(Data entries)
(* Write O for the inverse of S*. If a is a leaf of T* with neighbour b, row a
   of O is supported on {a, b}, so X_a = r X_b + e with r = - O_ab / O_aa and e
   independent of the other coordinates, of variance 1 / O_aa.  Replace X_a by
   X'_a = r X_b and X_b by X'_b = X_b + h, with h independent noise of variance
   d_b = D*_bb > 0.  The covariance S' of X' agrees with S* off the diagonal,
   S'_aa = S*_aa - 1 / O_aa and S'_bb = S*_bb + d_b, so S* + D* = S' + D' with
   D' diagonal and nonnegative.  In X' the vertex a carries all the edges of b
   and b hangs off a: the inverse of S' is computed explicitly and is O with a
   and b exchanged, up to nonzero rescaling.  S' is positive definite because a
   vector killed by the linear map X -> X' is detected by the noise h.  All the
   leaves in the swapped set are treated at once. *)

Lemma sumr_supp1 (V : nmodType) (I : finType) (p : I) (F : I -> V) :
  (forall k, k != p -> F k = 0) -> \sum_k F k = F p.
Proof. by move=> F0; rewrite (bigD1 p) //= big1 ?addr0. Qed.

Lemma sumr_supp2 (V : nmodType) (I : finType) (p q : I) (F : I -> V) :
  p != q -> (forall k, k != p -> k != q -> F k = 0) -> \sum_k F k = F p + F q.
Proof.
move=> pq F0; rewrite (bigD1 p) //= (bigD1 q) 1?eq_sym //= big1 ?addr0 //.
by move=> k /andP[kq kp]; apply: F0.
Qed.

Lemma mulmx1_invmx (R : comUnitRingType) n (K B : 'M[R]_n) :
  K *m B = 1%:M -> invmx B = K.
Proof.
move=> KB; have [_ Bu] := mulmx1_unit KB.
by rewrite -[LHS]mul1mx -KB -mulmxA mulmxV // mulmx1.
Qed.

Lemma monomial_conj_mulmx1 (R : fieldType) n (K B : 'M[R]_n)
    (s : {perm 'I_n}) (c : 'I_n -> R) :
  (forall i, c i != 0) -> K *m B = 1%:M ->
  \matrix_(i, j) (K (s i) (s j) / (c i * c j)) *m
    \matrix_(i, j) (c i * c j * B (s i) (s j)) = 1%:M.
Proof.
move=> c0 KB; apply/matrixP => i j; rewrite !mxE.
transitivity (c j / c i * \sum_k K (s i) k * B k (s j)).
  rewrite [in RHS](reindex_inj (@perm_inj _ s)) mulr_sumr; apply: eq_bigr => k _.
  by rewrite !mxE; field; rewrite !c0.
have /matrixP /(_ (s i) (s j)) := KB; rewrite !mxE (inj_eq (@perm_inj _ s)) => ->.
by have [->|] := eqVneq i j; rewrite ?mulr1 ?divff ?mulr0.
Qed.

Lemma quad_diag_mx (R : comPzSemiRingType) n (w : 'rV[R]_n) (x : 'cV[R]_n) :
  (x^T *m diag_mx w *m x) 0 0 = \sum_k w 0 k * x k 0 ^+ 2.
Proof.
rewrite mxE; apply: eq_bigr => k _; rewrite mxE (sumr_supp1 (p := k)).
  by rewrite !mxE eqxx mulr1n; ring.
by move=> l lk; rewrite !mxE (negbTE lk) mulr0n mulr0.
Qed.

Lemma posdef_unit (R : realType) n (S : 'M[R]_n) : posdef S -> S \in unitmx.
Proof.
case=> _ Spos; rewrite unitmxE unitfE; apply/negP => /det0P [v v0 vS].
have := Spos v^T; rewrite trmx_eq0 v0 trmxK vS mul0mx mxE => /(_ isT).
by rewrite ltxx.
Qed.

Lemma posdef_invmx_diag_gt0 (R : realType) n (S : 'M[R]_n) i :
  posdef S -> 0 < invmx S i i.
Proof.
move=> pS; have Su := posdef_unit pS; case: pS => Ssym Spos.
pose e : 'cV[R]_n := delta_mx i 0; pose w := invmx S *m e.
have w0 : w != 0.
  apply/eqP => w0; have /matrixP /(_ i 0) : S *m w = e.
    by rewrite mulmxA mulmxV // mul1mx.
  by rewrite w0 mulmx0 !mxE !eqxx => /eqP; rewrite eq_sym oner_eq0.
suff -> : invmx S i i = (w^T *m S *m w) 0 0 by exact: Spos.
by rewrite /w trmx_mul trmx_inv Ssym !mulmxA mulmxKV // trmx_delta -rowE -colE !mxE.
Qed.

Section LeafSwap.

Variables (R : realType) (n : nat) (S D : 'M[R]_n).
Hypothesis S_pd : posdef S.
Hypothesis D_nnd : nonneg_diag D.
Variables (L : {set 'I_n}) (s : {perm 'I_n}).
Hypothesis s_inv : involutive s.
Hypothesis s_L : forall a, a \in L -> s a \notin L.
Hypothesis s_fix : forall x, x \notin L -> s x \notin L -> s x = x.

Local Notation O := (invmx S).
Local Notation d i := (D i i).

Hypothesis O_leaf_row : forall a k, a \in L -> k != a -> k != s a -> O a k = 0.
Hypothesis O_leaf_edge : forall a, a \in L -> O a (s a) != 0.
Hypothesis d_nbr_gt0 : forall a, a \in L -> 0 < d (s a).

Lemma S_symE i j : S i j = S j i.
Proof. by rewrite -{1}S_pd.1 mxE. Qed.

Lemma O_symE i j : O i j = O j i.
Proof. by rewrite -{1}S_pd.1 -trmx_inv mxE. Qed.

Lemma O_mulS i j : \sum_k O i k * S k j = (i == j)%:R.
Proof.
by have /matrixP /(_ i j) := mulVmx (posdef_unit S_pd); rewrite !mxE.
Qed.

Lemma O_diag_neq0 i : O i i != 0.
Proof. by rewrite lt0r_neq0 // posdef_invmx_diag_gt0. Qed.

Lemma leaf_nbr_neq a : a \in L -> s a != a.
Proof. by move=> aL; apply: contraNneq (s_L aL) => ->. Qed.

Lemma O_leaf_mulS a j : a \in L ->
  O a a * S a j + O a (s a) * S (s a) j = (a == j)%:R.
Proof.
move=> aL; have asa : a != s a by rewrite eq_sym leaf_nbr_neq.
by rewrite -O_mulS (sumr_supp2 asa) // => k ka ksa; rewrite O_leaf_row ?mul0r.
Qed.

■ **Work task**: Write out an exact transcription of the line with "Lemma posdef_unit (R" and of each line after it; stop at the end of the records.

■ **Your solution**:
Lemma posdef_unit (R : realType) n (S : 'M[R]_n) : posdef S -> S \in unitmx.
Proof.
case=> _ Spos; rewrite unitmxE unitfE; apply/negP => /det0P [v v0 vS].
have := Spos v^T; rewrite trmx_eq0 v0 trmxK vS mul0mx mxE => /(_ isT).
by rewrite ltxx.
Qed.

Lemma posdef_invmx_diag_gt0 (R : realType) n (S : 'M[R]_n) i :
  posdef S -> 0 < invmx S i i.
Proof.
move=> pS; have Su := posdef_unit pS; case: pS => Ssym Spos.
pose e : 'cV[R]_n := delta_mx i 0; pose w := invmx S *m e.
have w0 : w != 0.
  apply/eqP => w0; have /matrixP /(_ i 0) : S *m w = e.
    by rewrite mulmxA mulmxV // mul1mx.
  by rewrite w0 mulmx0 !mxE !eqxx => /eqP; rewrite eq_sym oner_eq0.
suff -> : invmx S i i = (w^T *m S *m w) 0 0 by exact: Spos.
by rewrite /w trmx_mul trmx_inv Ssym !mulmxA mulmxKV // trmx_delta -rowE -colE !mxE.
Qed.

Section LeafSwap.

Variables (R : realType) (n : nat) (S D : 'M[R]_n).
Hypothesis S_pd : posdef S.
Hypothesis D_nnd : nonneg_diag D.
Variables (L : {set 'I_n}) (s : {perm 'I_n}).
Hypothesis s_inv : involutive s.
Hypothesis s_L : forall a, a \in L -> s a \notin L.
Hypothesis s_fix : forall x, x \notin L -> s x \notin L -> s x = x.

Local Notation O := (invmx S).
Local Notation d i := (D i i).

Hypothesis O_leaf_row : forall a k, a \in L -> k != a -> k != s a -> O a k = 0.
Hypothesis O_leaf_edge : forall a, a \in L -> O a (s a) != 0.
Hypothesis d_nbr_gt0 : forall a, a \in L -> 0 < d (s a).

Lemma S_symE i j : S i j = S j i.
Proof. by rewrite -{1}S_pd.1 mxE. Qed.

Lemma O_symE i j : O i j = O j i.
Proof. by rewrite -{1}S_pd.1 -trmx_inv mxE. Qed.

Lemma O_mulS i j : \sum_k O i k * S k j = (i == j)%:R.
Proof.
by have /matrixP /(_ i j) := mulVmx (posdef_unit S_pd); rewrite !mxE.
Qed.

Lemma O_diag_neq0 i : O i i != 0.
Proof. by rewrite lt0r_neq0 // posdef_invmx_diag_gt0. Qed.

Lemma leaf_nbr_neq a : a \in L -> s a != a.
Proof. by move=> aL; apply: contraNneq (s_L aL) => ->. Qed.

Lemma O_leaf_mulS a j : a \in L ->
  O a a * S a j + O a (s a) * S (s a) j = (a == j)%:R.
Proof.
move=> aL; have asa : a != s a by rewrite eq_sym leaf_nbr_neq.
by rewrite -O_mulS (sumr_supp2 asa) // => k ka ksa; rewrite O_leaf_row ?mul0r.
Qed.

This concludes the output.